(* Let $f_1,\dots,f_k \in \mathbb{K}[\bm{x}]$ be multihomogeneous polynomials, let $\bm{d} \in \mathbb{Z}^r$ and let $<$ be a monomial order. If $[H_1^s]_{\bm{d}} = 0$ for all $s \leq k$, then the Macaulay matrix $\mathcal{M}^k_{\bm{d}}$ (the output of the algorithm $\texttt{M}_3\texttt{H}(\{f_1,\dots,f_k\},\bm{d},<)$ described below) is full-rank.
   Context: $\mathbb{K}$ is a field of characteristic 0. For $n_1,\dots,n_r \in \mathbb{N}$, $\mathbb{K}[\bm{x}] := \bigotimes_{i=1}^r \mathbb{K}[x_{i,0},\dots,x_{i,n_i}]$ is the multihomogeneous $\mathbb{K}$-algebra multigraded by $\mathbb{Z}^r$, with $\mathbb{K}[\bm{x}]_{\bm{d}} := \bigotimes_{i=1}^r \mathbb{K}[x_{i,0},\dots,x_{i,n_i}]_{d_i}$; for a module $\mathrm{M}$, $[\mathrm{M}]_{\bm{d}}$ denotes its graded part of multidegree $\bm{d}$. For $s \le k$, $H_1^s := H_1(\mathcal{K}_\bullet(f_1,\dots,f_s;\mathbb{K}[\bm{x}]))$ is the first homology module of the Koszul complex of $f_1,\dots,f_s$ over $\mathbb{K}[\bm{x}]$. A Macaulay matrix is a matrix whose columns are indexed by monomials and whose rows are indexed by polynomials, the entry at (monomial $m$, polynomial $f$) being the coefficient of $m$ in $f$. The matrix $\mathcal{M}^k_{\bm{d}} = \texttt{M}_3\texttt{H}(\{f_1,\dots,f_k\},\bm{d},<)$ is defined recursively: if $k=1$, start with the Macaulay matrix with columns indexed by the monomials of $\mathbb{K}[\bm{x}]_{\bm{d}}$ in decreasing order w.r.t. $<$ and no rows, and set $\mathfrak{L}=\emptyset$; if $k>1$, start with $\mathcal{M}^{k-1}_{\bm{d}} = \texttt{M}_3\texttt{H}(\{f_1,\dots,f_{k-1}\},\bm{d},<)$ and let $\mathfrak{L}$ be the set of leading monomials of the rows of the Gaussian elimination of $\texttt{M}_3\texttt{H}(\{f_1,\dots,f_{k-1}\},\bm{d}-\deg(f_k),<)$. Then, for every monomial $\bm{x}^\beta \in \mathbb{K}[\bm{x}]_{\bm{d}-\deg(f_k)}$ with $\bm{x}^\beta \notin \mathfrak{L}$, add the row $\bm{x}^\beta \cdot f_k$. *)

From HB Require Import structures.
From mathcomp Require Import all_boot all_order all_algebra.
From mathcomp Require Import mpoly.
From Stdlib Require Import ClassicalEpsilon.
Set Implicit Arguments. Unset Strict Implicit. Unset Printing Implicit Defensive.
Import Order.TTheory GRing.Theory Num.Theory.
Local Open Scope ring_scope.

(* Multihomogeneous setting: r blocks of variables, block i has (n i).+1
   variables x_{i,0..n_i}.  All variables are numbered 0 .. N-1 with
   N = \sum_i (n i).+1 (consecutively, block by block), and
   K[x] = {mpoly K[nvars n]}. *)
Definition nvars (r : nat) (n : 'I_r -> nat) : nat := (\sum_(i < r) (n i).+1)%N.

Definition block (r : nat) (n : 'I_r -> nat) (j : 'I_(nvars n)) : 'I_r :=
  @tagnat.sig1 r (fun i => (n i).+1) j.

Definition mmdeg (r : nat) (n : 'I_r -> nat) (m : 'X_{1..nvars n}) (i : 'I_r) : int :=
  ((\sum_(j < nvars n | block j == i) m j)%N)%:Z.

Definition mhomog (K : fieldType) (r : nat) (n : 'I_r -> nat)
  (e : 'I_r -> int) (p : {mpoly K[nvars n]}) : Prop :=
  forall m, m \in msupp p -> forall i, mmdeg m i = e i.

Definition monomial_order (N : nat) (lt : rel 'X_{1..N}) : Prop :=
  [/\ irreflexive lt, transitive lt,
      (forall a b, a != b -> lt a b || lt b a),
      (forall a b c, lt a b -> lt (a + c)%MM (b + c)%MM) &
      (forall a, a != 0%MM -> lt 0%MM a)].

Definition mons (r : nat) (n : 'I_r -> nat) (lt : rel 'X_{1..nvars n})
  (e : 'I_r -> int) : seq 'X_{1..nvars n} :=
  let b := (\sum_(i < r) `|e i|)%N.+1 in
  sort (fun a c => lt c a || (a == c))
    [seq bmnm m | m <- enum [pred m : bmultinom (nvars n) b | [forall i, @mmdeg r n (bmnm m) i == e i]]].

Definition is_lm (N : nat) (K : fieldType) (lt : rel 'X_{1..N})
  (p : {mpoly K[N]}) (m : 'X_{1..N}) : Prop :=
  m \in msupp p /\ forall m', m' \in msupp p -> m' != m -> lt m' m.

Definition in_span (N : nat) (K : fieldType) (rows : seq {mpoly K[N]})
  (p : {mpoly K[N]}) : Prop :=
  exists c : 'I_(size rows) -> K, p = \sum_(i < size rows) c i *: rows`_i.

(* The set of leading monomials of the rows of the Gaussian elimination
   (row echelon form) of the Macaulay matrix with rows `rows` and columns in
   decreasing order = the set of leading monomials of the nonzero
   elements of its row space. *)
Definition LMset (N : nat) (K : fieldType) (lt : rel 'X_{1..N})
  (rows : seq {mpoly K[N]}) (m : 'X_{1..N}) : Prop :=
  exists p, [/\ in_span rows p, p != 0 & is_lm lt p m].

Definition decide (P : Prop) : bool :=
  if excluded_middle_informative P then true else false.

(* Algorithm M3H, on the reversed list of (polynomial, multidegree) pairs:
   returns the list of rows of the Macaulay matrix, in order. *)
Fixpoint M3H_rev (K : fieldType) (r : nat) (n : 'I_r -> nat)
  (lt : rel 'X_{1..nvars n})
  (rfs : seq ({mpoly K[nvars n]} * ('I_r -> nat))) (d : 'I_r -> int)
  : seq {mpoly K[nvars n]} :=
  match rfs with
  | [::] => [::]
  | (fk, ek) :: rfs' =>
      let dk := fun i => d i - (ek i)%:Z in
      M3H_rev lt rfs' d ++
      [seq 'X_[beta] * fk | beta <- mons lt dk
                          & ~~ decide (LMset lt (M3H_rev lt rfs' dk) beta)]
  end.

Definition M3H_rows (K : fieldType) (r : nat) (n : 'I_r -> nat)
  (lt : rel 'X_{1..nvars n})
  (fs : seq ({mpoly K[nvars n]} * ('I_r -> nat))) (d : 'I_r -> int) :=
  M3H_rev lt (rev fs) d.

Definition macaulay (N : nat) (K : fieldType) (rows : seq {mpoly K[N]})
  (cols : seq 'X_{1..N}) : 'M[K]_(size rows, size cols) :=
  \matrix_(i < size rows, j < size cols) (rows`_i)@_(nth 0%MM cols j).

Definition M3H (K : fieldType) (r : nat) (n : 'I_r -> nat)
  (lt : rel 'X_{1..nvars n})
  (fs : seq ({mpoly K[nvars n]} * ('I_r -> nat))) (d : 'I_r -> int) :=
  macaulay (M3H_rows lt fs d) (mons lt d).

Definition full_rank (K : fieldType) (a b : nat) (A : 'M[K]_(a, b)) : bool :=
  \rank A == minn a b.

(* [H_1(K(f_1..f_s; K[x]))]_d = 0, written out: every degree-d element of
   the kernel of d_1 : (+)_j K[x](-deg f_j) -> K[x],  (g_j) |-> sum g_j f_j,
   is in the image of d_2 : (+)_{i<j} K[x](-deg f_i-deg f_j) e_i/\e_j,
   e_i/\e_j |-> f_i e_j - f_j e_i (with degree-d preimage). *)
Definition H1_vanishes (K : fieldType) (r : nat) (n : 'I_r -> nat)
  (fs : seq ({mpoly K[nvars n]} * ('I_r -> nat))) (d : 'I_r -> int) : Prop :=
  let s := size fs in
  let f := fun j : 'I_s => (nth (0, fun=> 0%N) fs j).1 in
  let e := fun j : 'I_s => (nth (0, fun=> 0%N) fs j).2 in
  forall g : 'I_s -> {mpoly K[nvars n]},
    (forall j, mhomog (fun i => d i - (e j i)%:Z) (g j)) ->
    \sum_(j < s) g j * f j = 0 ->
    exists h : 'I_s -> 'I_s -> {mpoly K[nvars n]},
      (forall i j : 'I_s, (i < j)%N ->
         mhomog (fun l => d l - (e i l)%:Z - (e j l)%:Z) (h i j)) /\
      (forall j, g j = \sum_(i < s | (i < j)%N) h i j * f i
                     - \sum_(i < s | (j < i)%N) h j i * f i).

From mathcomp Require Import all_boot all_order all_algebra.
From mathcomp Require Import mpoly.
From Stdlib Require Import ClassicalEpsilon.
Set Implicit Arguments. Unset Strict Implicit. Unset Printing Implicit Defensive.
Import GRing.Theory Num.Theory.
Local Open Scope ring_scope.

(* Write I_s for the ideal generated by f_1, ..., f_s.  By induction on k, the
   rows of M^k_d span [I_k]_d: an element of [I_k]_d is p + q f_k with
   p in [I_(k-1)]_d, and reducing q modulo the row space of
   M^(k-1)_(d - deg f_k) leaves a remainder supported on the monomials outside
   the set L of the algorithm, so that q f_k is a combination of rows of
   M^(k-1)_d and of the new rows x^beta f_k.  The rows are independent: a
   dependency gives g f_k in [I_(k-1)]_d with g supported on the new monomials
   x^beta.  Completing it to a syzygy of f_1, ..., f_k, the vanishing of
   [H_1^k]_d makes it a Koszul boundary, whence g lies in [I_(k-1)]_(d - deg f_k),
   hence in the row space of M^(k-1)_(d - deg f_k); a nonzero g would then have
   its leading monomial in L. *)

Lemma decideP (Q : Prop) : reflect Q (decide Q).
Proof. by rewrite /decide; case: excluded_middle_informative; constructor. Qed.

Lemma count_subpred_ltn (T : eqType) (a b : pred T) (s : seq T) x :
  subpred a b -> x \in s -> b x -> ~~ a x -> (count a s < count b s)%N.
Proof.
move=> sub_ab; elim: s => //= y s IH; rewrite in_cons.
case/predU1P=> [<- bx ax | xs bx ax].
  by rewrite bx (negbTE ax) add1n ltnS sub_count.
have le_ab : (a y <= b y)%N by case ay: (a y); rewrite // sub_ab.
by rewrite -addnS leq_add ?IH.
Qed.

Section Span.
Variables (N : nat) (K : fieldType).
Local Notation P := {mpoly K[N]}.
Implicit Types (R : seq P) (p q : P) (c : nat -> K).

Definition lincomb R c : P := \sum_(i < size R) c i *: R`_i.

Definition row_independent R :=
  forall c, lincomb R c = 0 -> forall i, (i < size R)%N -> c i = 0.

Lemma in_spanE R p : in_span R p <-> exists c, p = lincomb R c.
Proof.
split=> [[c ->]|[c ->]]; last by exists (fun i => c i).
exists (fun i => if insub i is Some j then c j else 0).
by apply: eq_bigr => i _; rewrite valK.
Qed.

======

WHAT YOU HAVE TO DO - Retype the portion of the data above that starts on the line with "Import GRing.Theory Num.Theory." and finishes on the line with "M^(k-1)_(d - deg f_k) leaves", including both of those lines.

EXERCISE OUTPUT -
Import GRing.Theory Num.Theory.
Local Open Scope ring_scope.

(* Write I_s for the ideal generated by f_1, ..., f_s.  By induction on k, the
   rows of M^k_d span [I_k]_d: an element of [I_k]_d is p + q f_k with
   p in [I_(k-1)]_d, and reducing q modulo the row space of
   M^(k-1)_(d - deg f_k) leaves a remainder supported on the monomials outside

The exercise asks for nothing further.